Beautiful pictures!! Makes me want to move somewhere where water is more accessible for my guys.

I edited the title for you!!


----------



## cody and munsons mom (Jun 8, 2012)

Woody makes a great co captain, looks like a great time


----------



## Pammie (Jan 22, 2011)

Doritos? I want some! 

Your pics are great!
That lake is so calm and serene and beautiful. I'm in N Calif, too- what lake is that?


----------



## FeatherRiverSam (Aug 7, 2009)

Laurie said:


> Beautiful pictures!! Makes me want to move somewhere where water is more accessible for my guys.
> 
> I edited the title for you!!


Thank You!



Pammie said:


> Doritos? I want some!
> 
> Your pics are great!
> That lake is so calm and serene and beautiful. I'm in N Calif, too- what lake is that?


The reference to Doritos is in response to one of Ken's (Phillyfisher) reply's to my last post with what I felt was probably too many pictures...his reply was "Love the pictures Pete. Post all you want, they are like Doritos."

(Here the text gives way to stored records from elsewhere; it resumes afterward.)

(* Let $G$ be a COM and let $G'$ be an isometric subgraph of $G$ such that every antipodal subgraph of $G'$ is an antipodal subgraph of $G$. Then $G'$ is a COM.
   Context: Hypercube $Q_n$: vertex set $\{+,-\}^n$, adjacency = differing in one coordinate. A partial cube is an isometric subgraph of a hypercube. A subgraph $H$ of a graph $G$ is convex if it contains every shortest path of $G$ between vertices of $H$, and gated if for every vertex $x$ of $G$ there is $x'\in H$ such that for every $u\in H$ some shortest $x$–$u$ path passes through $x'$. A partial cube $G\subseteq Q_n$ ($n$ minimal) is antipodal if with every vertex it contains the vertex with all coordinates flipped; an antipodal subgraph of $G$ is a convex subgraph which is itself an antipodal partial cube. A COM (complex of oriented matroids, identified with its tope graph) is a partial cube all of whose antipodal subgraphs are gated. *)

(* Graphs are induced subgraphs of the hypercube Q_n,
   represented by their vertex sets S : {set cube n}. *)
From mathcomp Require Import all_boot.
Set Implicit Arguments. Unset Strict Implicit. Unset Printing Implicit Defensive.

(* Vertices of Q_n: sign vectors {+,-}^n, encoded as 'I_n -> bool. *)
Definition cube (n : nat) := {ffun 'I_n -> bool}.

Section Cube.
Variable n : nat.

Definition hamming (x y : cube n) : nat := #|[set i | x i != y i]|.
Definition adj : rel (cube n) := fun x y => hamming x y == 1.

(* [gpath S x p y]: x :: p is a walk in the induced subgraph on S from x to y;
   its length is size p. *)
Definition gpath (S : {set cube n}) (x : cube n) (p : seq (cube n)) (y : cube n) : Prop :=
  [&& x \in S, all (fun z => z \in S) p, path adj x p & last x p == y].

Definition shortest_path (S : {set cube n}) x p y : Prop :=
  gpath S x p y /\ forall q, gpath S x q y -> size p <= size q.

Definition isometric_in (H G : {set cube n}) : Prop :=
  H \subset G /\
  forall x y, x \in H -> y \in H ->
    exists p, gpath H x p y /\ forall q, gpath G x q y -> size p <= size q.

Definition partial_cube (G : {set cube n}) : Prop := isometric_in G [set: cube n].

Definition convex_in (H G : {set cube n}) : Prop :=
  H \subset G /\
  forall x y p, x \in H -> y \in H -> shortest_path G x p y ->
    all (fun z => z \in H) p.

Definition gated_in (H G : {set cube n}) : Prop :=
  forall x, x \in G -> exists2 x', x' \in H &
    forall u, u \in H -> exists p, shortest_path G x p u /\ x' \in x :: p.

(* Coordinates that are non-constant on H; restricting to them gives the
   embedding of H in a hypercube of minimal dimension. *)
Definition varying (H : {set cube n}) : {set 'I_n} :=
  [set i | [exists x in H, exists y in H, x i != y i]].

(* antipode of x w.r.t. the minimal embedding of H: flip all coordinates
   of the minimal embedding *)
Definition antipode (H : {set cube n}) (x : cube n) : cube n :=
  [ffun i => if i \in varying H then ~~ x i else x i].

Definition antipodal (H : {set cube n}) : Prop :=
  H != set0 /\ partial_cube H /\ forall x, x \in H -> antipode H x \in H.

Definition antipodal_sub (H G : {set cube n}) : Prop :=
  convex_in H G /\ antipodal H.

(* COM (tope graph): partial cube all of whose antipodal subgraphs are gated *)
Definition COM (G : {set cube n}) : Prop :=
  partial_cube G /\ forall H, antipodal_sub H G -> gated_in H G.

End Cube.

(* Isometric embeddings compose, so G' is a partial cube.  An antipodal
   subgraph H of G' is antipodal in G, hence has a gate x' in G for each
   x in G'.  Since G' is isometric in G, the two pieces x -> x' and x' -> u of
   a G-geodesic through x' can be replaced by G'-geodesics of the same
   lengths, whose concatenation is a G'-geodesic through x': x' is also a
   gate of H in G'. *)
From mathcomp Require Import all_boot.

Set Implicit Arguments.
Unset Strict Implicit.
Unset Printing Implicit Defensive.

Section Geodesics.
Variable n : nat.
Implicit Types (S T G H K : {set cube n}) (x y z u : cube n) (p q : seq (cube n)).

Lemma gpath_subset S T x p y : S \subset T -> gpath S x p y -> gpath T x p y.
Proof.
move=> /subsetP sST /and4P[xS pS pp ly]; apply/and4P; split=> //.
  exact: sST.
by apply/allP=> z /(allP pS) /sST.
Qed.

Lemma gpath_last S x p y : gpath S x p y -> last x p = y.
Proof. by case/and4P=> _ _ _ /eqP. Qed.

Lemma gpath_cat S x p y q z :
  gpath S x p y -> gpath S y q z -> gpath S x (p ++ q) z.
Proof.
move=> /and4P[xS pS pp /eqP ly] /and4P[yS qS qp lz]; apply/and4P; split=> //.
- by rewrite all_cat pS.
- by rewrite cat_path pp ly.
- by rewrite last_cat ly.
Qed.

Lemma gpath_split S x p y z :
  gpath S x p y -> z \in x :: p ->
  exists p1 p2, [/\ p = p1 ++ p2, gpath S x p1 z & gpath S z p2 y].
Proof.
move=> + zp; case/splitPl: zp => p1 p2 lz /and4P[xS pS pp ly].
move: pS pp ly; rewrite all_cat cat_path last_cat => /andP[p1S p2S] /andP[pp1 pp2] ly.
have zS : z \in S.
  by move: (mem_last x p1); rewrite lz inE => /orP[/eqP -> | /(allP p1S)].
by exists p1, p2; split=> //; apply/and4P; split=> //; rewrite -?lz.
Qed.

Lemma isometric_in_trans H G K :
  isometric_in H G -> isometric_in G K -> isometric_in H K.
Proof.
move=> [sHG isoHG] [sGK isoGK]; split; first exact: subset_trans sHG sGK.
move=> x y xH yH; have [p [pH pmin]] := isoHG x y xH yH.
have [r [rG rmin]] := isoGK x y (subsetP sHG x xH) (subsetP sHG y yH).
by exists p; split=> // q qK; apply: leq_trans (pmin _ rG) (rmin _ qK).
Qed.

Lemma shortest_path_isometric_via G' G x p u z :
  isometric_in G' G -> x \in G' -> u \in G' -> z \in G' ->
  shortest_path G x p u -> z \in x :: p ->
  exists q, shortest_path G' x q u /\ z \in x :: q.
Proof.
move=> [sG'G isoG'G] xG' uG' zG' [pG pmin] zp.
have [p1 [p2 [ep p1G p2G]]] := gpath_split pG zp.
have [q1 [q1G' q1min]] := isoG'G x z xG' zG'.
have [q2 [q2G' q2min]] := isoG'G z u zG' uG'.
exists (q1 ++ q2); split; last by rewrite -cat_cons mem_cat -(gpath_last q1G') mem_last.
split; first exact: gpath_cat q1G' q2G'.
move=> q qG'; apply: leq_trans (pmin _ (gpath_subset sG'G qG')).
by rewrite ep !size_cat leq_add // ?q1min ?q2min.
Qed.

Lemma gated_in_isometric H G' G :
  isometric_in G' G -> H \subset G' -> gated_in H G -> gated_in H G'.
Proof.
move=> isoG'G /subsetP sHG' gatHG x xG'.
have [x' x'H gx] := gatHG x (subsetP isoG'G.1 x xG').
exists x' => // u uH; have [p [pG x'p]] := gx u uH.
exact: shortest_path_isometric_via isoG'G xG' (sHG' u uH) (sHG' x' x'H) pG x'p.
Qed.

End Geodesics.

Theorem mainTheorem5 (n : nat) (G G' : {set cube n}) :
  COM G ->
  isometric_in G' G ->
  (forall H : {set cube n}, antipodal_sub H G' -> antipodal_sub H G) ->
  COM G'.
Proof.
move=> [pcG gatG] isoG'G antG'G; split.
  exact: isometric_in_trans isoG'G pcG.
move=> H antH; have [[sHG' _] _] := antH.
exact: gated_in_isometric isoG'G sHG' (gatG H (antG'G H antH)).
Qed.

The pictures were taken at Lake Davis which is just about an hour north of Lake Tahoe. It's one of the top trout stillwaters here in California and it's almost in my backyard.

Pete


----------



## brens29 (Apr 17, 2012)

Great photos again, looks like more fun...


----------



## Wendy427 (Apr 4, 2009)

Goldens R Great said:


> I love these photos! I feel like I've been on a mini-vacation after looking at them!


Me too! Definitely!


----------



## DNL2448 (Feb 13, 2009)

Looks like you are getting the hang of the camera! You'll be a pro in no time!


----------



## Oaklys Dad (Dec 28, 2005)

Looks like you and your fishing buddy had a great day.


----------



## AlanK (Jun 28, 2008)

Just one word.... Excellent.


----------